Extended Memory Semantics
Overview of EMS   |   API Documentation   |   Node.js NPM   |   Download at GitHub

Extended Memory Semantics

EMS internally stores tags that are used for synchronization of user data, allowing synchronization to happen independently of the number or kind of processes accessing the data. The EMS primitives enforce atomic access using automatic state transitions, and higher level intrinsics like stacks, queues, and transactional memory are built on the EMS primitives.


EMS memory is an array of JSON values accessed using atomic operators and/or transactional memory. Safe parallel access is managed by passing through multiple gates: First mapping a key to an index, then accessing user data protected by EMS tags, and completing the whole operation atomically.

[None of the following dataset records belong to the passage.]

(* For $0<\Delta<2$ let $S_1$ be the square with vertices $(\pm1,\pm1,0)$ and $S_2$ the square with vertices $(\Delta\pm1,0,\pm1)$ (both of side length 2); they form a Hopf link. The minimum distance energy of the link $S_1\cup S_2$ is $$E(\Delta)=8+8\left(\frac{1}{(2+\Delta)^2}+\frac{1}{(2-\Delta)^2}+\frac{2}{\Delta^2}+4+2+\frac{4}{1+\Delta^2}\right),$$ where $8$ is the sum of the self-energies of the two squares (4 each) and the remaining term is the cross-energy. The function $E$ has a unique minimizer $\Delta^*$ on $(0,2)$, where $x=(\Delta^* )^2$ is the unique root in $(0,4)$ of $2x^5-10x^4+73x^3-48x^2-40x-32=0$; numerically $\Delta^*\approx1.203$ and $E(\Delta^* )\approx93.5$.
   Context: For a link of closed polygons in $\mathbb R^3$ (each with at least four edges), the minimum distance (MD) energy is $E_{MD}=\sum_{(e,e')}\frac{\ell_e\ell_{e'}}{\mathrm{MD}(e,e')^2}$, summed over all ordered pairs $(e,e')$ of distinct edges that share no vertex (edges on different components never share a vertex), where $\ell_e$ is the length of edge $e$ and $\mathrm{MD}(e,e')$ is the minimum Euclidean distance between the two closed line segments. With this convention a square has MD energy $4$. *)

From HB Require Import structures.
From mathcomp Require Import all_boot all_order all_algebra.
From mathcomp Require Import all_classical all_reals.
Set Implicit Arguments. Unset Strict Implicit. Unset Printing Implicit Defensive.
Import Order.TTheory GRing.Theory Num.Theory.
Local Open Scope classical_set_scope.
Local Open Scope ring_scope.

Section MD.
Variable R : realType.

Record pt := Pt { px : R; py : R; pz : R }.

Definition pt0 : pt := Pt 0 0 0.

Definition dist (p q : pt) : R :=
  Num.sqrt ((px p - px q) ^+ 2 + (py p - py q) ^+ 2 + (pz p - pz q) ^+ 2).

Definition seg_pt (p q : pt) (t : R) : pt :=
  Pt (px p + t * (px q - px p)) (py p + t * (py q - py p))
     (pz p + t * (pz q - pz p)).

Definition seg_dist (p q r s : pt) : R :=
  inf [set d | exists u v, [/\ 0 <= u <= 1, 0 <= v <= 1 &
                           d = dist (seg_pt p q u) (seg_pt r s v)]].

(* a closed polygon is given by its cyclic list of vertices P_0 ... P_{n-1};
   its edges are e_i = [P_i, P_{(i+1) mod n}], i < n. A link is a list of
   closed polygons. *)
Definition polygon := seq pt.
Definition link := seq polygon.

Definition vtx (P : polygon) (i : nat) : pt := nth pt0 P (i %% size P)%N.
Definition edge_len (P : polygon) (i : nat) : R := dist (vtx P i) (vtx P i.+1).

Definition share_vertex (n i j : nat) : bool :=
  [|| i == j, (i.+1 %% n == j)%N | (j.+1 %% n == i)%N].

Definition edge_MD (P Q : polygon) (i j : nat) : R :=
  seg_dist (vtx P i) (vtx P i.+1) (vtx Q j) (vtx Q j.+1).

(* minimum distance energy: sum over ordered pairs of distinct edges
   sharing no vertex (edges on different components never share one). *)
Definition MD_energy (L : link) : R :=
  \sum_(0 <= c < size L) \sum_(0 <= c' < size L)
   \sum_(0 <= i < size (nth [::] L c)) \sum_(0 <= j < size (nth [::] L c'))
     (if (c == c') && share_vertex (size (nth [::] L c)) i j then 0
      else edge_len (nth [::] L c) i * edge_len (nth [::] L c') j
           / (edge_MD (nth [::] L c) (nth [::] L c') i j) ^+ 2).

Definition square1 : polygon :=
  [:: Pt 1 1 0; Pt (-1) 1 0; Pt (-1) (-1) 0; Pt 1 (-1) 0].
Definition square2 (D : R) : polygon :=
  [:: Pt (D + 1) 0 1; Pt (D - 1) 0 1; Pt (D - 1) 0 (-1); Pt (D + 1) 0 (-1)].
Definition hopf_link (D : R) : link := [:: square1; square2 D].

Definition E_formula (D : R) : R :=
  8 + 8 * (1 / (2 + D) ^+ 2 + 1 / (2 - D) ^+ 2 + 2 / D ^+ 2 + 4 + 2
           + 4 / (1 + D ^+ 2)).

Definition quintic (x : R) : R :=
  2 * x ^+ 5 - 10 * x ^+ 4 + 73 * x ^+ 3 - 48 * x ^+ 2 - 40 * x - 32.

End MD.

(* Every pair of edges of the two squares is parallel to coordinate axes,
   so each minimum distance is attained at explicit segment parameters and is
   certified by a sum-of-squares lower bound; the energy of the link is the two
   self-energies (4 each) plus twice the cross-energy.  With x = D^2 one has
   E(D) = 56 + 8 E_sq x for a rational function E_sq, and after clearing
   denominators E_sq x - E_sq y equals (x - y)^2 Q(x, y) + 4 (x - y)(4 - y) p(y),
   where p is the quintic.  At the root y* of p, which the intermediate value
   theorem places in [1.448, 1.4495], Q(., y* ) is a concave quadratic positive
   at 0 and at 4, hence positive on (0, 4): D* = sqrt y* is the strict minimiser.
   The root is unique since p < 0 on (0, 1] and p is increasing on [1, 4]. *)

From HB Require Import structures.
From mathcomp Require Import all_boot all_order all_algebra.
From mathcomp Require Import all_classical all_reals.
From mathcomp Require Import ring lra.
Import Order.TTheory GRing.Theory Num.Theory.
Set Implicit Arguments. Unset Strict Implicit. Unset Printing Implicit Defensive.
Local Open Scope ring_scope.

Section SegmentDistance.
Variable R : realType.
Implicit Types p q r s : pt R.

Definition sqdist p q : R :=
  (px p - px q) ^+ 2 + (py p - py q) ^+ 2 + (pz p - pz q) ^+ 2.

Lemma sqdist_ge0 p q : 0 <= sqdist p q.
Proof. by rewrite !addr_ge0 ?sqr_ge0. Qed.

Lemma dist_eq p q (c : R) : 0 <= c -> sqdist p q = c ^+ 2 -> dist p q = c.
Proof. by move=> c_ge0; rewrite /dist -/(sqdist p q) => ->; rewrite sqrtr_sqr ger0_norm. Qed.

Lemma distC p q : dist p q = dist q p.
Proof. by rewrite /dist; congr Num.sqrt; ring. Qed.

Lemma seg_distC p q r s : seg_dist p q r s = seg_dist r s p q.
Proof.
rewrite /seg_dist; congr inf; apply/seteqP; split=> d [u [v [hu hv ->]]];
  by exists v, u; rewrite distC.
Qed.

Lemma sqr_seg_dist_eq p q r s (u0 v0 c : R) : 0 <= u0 <= 1 -> 0 <= v0 <= 1 ->
  sqdist (seg_pt p q u0) (seg_pt r s v0) = c ->
  (forall u v, 0 <= u <= 1 -> 0 <= v <= 1 -> c <= sqdist (seg_pt p q u) (seg_pt r s v)) ->
  seg_dist p q r s ^+ 2 = c.
Proof.
move=> hu0 hv0 <- c_min.
suff -> : seg_dist p q r s = dist (seg_pt p q u0) (seg_pt r s v0).
  by rewrite sqr_sqrtr // sqdist_ge0.
apply/eqP; rewrite eq_le; apply/andP; split.
  apply: ge_inf; last by exists u0, v0.
  by exists 0 => _ [u [v [_ _ ->]]]; apply: sqrtr_ge0.
apply: lb_le_inf; first by exists (dist (seg_pt p q u0) (seg_pt r s v0)), u0, v0.
move=> _ [u [v [hu hv ->]]].
by rewrite /dist ler_sqrt; [exact: c_min | exact: sqdist_ge0].
Qed.

End SegmentDistance.

Section TwoComponentLinks.
Variable R : realType.
Implicit Types P Q : polygon R.

Definition self_energy P : R :=
  \sum_(0 <= i < size P) \sum_(0 <= j < size P)
    (if share_vertex (size P) i j then 0
     else edge_len P i * edge_len P j / edge_MD P P i j ^+ 2).

Definition cross_energy P Q : R :=
  \sum_(0 <= i < size P) \sum_(0 <= j < size Q)
    edge_len P i * edge_len Q j / edge_MD P Q i j ^+ 2.

Lemma cross_energyC P Q : cross_energy P Q = cross_energy Q P.
Proof.
rewrite /cross_energy exchange_big_nat; apply: eq_bigr => i _; apply: eq_bigr => j _.
by rewrite /edge_MD seg_distC [edge_len P j * _]mulrC.
Qed.

Lemma MD_energy_pair P Q :
  MD_energy [:: P; Q] = self_energy P + self_energy Q + 2 * cross_energy P Q.
Proof.
rewrite /MD_energy /= !big_nat_recr //= !(big_geq (leqnn 0)) !add0r.
rewrite -/(self_energy P) -/(self_energy Q) -/(cross_energy P Q) -/(cross_energy Q P).
by rewrite -cross_energyC; ring.
Qed.

Lemma edge_len_mod P i : edge_len P i = edge_len P (i %% size P).
Proof. by rewrite /edge_len /vtx -addn1 -modnDml addn1 modn_mod. Qed.

End TwoComponentLinks.

Section HopfSquares.
Variable R : realType.

Lemma edge_len_square1 i : edge_len (square1 R) i = 2.
Proof.
rewrite edge_len_mod; have : (i %% 4 < 4)%N by rewrite ltn_mod.
by case: (i %% 4)%N => [|[|[|[|]]]] // _; apply: dist_eq; rewrite ?ler0n /sqdist /=; ring.
Qed.

Lemma edge_len_square2 (D : R) i : edge_len (square2 D) i = 2.
Proof.
rewrite edge_len_mod; have : (i %% 4 < 4)%N by rewrite ltn_mod.
by case: (i %% 4)%N => [|[|[|[|]]]] // _; apply: dist_eq; rewrite ?ler0n /sqdist /=; ring.
Qed.

(* [md_at u0 v0 c] rewrites the first [seg_dist p q r s ^+ 2] of the goal to [c],
   attained at the parameters [u0] and [v0]; its minimality is left to [nra]. *)
Local Tactic Notation "md_at" uconstr(u0) uconstr(v0) uconstr(c) :=
  rewrite (@sqr_seg_dist_eq R _ _ _ _ u0 v0 c);
  [ | by apply/andP; split; lra | by apply/andP; split; lra
  | by rewrite /sqdist /=; field
  | move=> u v /andP[? ?] /andP[? ?]; rewrite /sqdist /=;
    match goal with |- is_true (_ <= ?a ^+ 2 + ?b ^+ 2 + ?c ^+ 2) =>
      have := sqr_ge0 a; have := sqr_ge0 b; have := sqr_ge0 c end; nra ].

Lemma self_energy_square1 : self_energy (square1 R) = 4.
Proof.
rewrite /self_energy /= !big_nat_recr //= !(big_geq (leqnn 0)) !add0r.
rewrite !edge_len_square1 /edge_MD /vtx /=.
do 4 md_at 0 1 4.
lra.
Qed.

Lemma self_energy_square2 (D : R) : self_energy (square2 D) = 4.
Proof.
rewrite /self_energy /= !big_nat_recr //= !(big_geq (leqnn 0)) !add0r.
rewrite !edge_len_square2 /edge_MD /vtx /=.
do 4 md_at 0 1 4.
lra.
Qed.

Lemma cross_energy_hopf (D : R) : 0 < D < 2 ->
  cross_energy (square1 R) (square2 D) =
  4 * (1 / (2 + D) ^+ 2 + 1 / (2 - D) ^+ 2 + 2 / D ^+ 2 + 6 + 4 / (1 + D ^+ 2)).
Proof.
move=> /andP[D_gt0 D_lt2].
rewrite /cross_energy /= !big_nat_recr //= !(big_geq (leqnn 0)) !add0r.
rewrite !edge_len_square1 !edge_len_square2 /edge_MD /vtx /=.
(* one line per edge of [square1], against the four edges of [square2] *)
md_at 0 (D / 2) 2; md_at (1 - D / 2) (1 / 2) 1;
  md_at 0 ((2 - D) / 2) 2; md_at 0 (1 / 2) (1 + D ^+ 2).
md_at (1 / 2) 1 (1 + D ^+ 2); md_at (1 / 2) (1 / 2) (D ^+ 2);
  md_at (1 / 2) 0 (1 + D ^+ 2); md_at (1 / 2) (1 / 2) ((2 + D) ^+ 2).
md_at 1 (D / 2) 2; md_at (D / 2) (1 / 2) 1;
  md_at 1 ((2 - D) / 2) 2; md_at 1 (1 / 2) (1 + D ^+ 2).
md_at (1 / 2) (D / 2) 1; md_at (1 / 2) (1 / 2) ((2 - D) ^+ 2);
  md_at (1 / 2) ((2 - D) / 2) 1; md_at (1 / 2) (1 / 2) (D ^+ 2).
have D_neq0 : D != 0 by rewrite gt_eqF.
have sub_neq0 : 2 - D != 0 by rewrite gt_eqF ?subr_gt0.
have add_neq0 : 2 + D != 0 by rewrite gt_eqF ?addr_gt0.
have sqr_add1_neq0 : 1 + D ^+ 2 != 0 by rewrite gt_eqF ?ltr_pwDl ?sqr_ge0.
by field; rewrite D_neq0 sub_neq0 add_neq0 sqr_add1_neq0.
Qed.

Lemma MD_energy_hopf (D : R) : 0 < D < 2 -> MD_energy (hopf_link D) = E_formula D.
Proof.
move=> D_bounds; rewrite MD_energy_pair self_energy_square1 self_energy_square2.
by rewrite cross_energy_hopf // /E_formula; ring.
Qed.

End HopfSquares.

Lemma concave_quadratic_gt0 (R : realFieldType) (a b c m x : R) : a <= 0 -> 0 < c ->
  0 < a * m ^+ 2 + b * m + c -> 0 < x < m -> 0 < a * x ^+ 2 + b * x + c.
Proof.
move=> a_le0 c_gt0 fm_gt0 /andP[x_gt0 x_ltm].
have m_gt0 : 0 < m by apply: lt_trans x_ltm.
have -> : a * x ^+ 2 + b * x + c =
    ((m - x) * c + x * (a * m ^+ 2 + b * m + c) - a * m * x * (m - x)) / m.
  by field; rewrite gt_eqF.
apply: divr_gt0 => //.
have h1 : 0 < (m - x) * c by rewrite mulr_gt0 // subr_gt0.
have h2 : 0 < x * (a * m ^+ 2 + b * m + c) by rewrite mulr_gt0.
have h3 : a * m * x * (m - x) <= 0.
  by rewrite -!mulrA mulr_le0_ge0 // !mulr_ge0 ?subr_ge0 // ltW.
lra.
Qed.

Section Quintic.
Variable R : realType.
Implicit Types x y : R.

Lemma quintic_ltr x y : 1 <= x -> x < y -> y <= 4 -> quintic x < quintic y.
Proof.
move=> x_ge1 x_lty y_le4; rewrite -subr_gt0.
have -> : quintic y - quintic x = (y - x) *
    (2 * (x ^+ 4 + x ^+ 3 * y + x ^+ 2 * y ^+ 2 + x * y ^+ 3 + y ^+ 4)
     - 10 * (x ^+ 3 + x ^+ 2 * y + x * y ^+ 2 + y ^+ 3)
     + 73 * (x ^+ 2 + x * y + y ^+ 2) - 48 * (x + y) - 40).
  by rewrite /quintic; ring.
by apply: mulr_gt0; [rewrite subr_gt0 | nra].
Qed.

Lemma quintic_lt0 x : 0 < x <= 1 -> quintic x < 0.
Proof. by rewrite /quintic => /andP[x_gt0 x_le1]; nra. Qed.

Lemma quintic_root_unique x y : 0 < x < 4 -> quintic x = 0 ->
  1 <= y <= 4 -> quintic y = 0 -> x = y.
Proof.
move=> /andP[x_gt0 x_lt4] qx /andP[y_ge1 y_le4] qy.
have x_gt1 : 1 < x.
  rewrite ltNge; apply/negP => x_le1.
  have : quintic x < 0 by apply: quintic_lt0; rewrite x_gt0 x_le1.
  by rewrite qx ltxx.
case: (ltgtP x y) => // [x_lty | y_ltx].
  by have := quintic_ltr (ltW x_gt1) x_lty y_le4; rewrite qx qy ltxx.
by have := quintic_ltr y_ge1 y_ltx (ltW x_lt4); rewrite qx qy ltxx.
Qed.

EMS Data Tag Transitions & Atomic operations: F=Full, E=Empty, X=Don't Care, RW=Readers-Writer lock (# of current readers) CAS=Compare-and-Swap, FAA=Fetch-and-Add

EMS Class & Array Methods

Operations which inspect or affect the global EMS state are performed using class methods of the EMS object returned by the require statement. Operations that modify the data and tags are performed using methods belonging to EMS array to be operated on.

Module Require
REQUIRE require('ems') ( nThreads [, threadAffinity [, parallelType [, contextName ] ] ] )
SYNOPSIS Initialize the EMS module, starting all the other threads. Thread identity and processor affinity is assigned when the thread is created.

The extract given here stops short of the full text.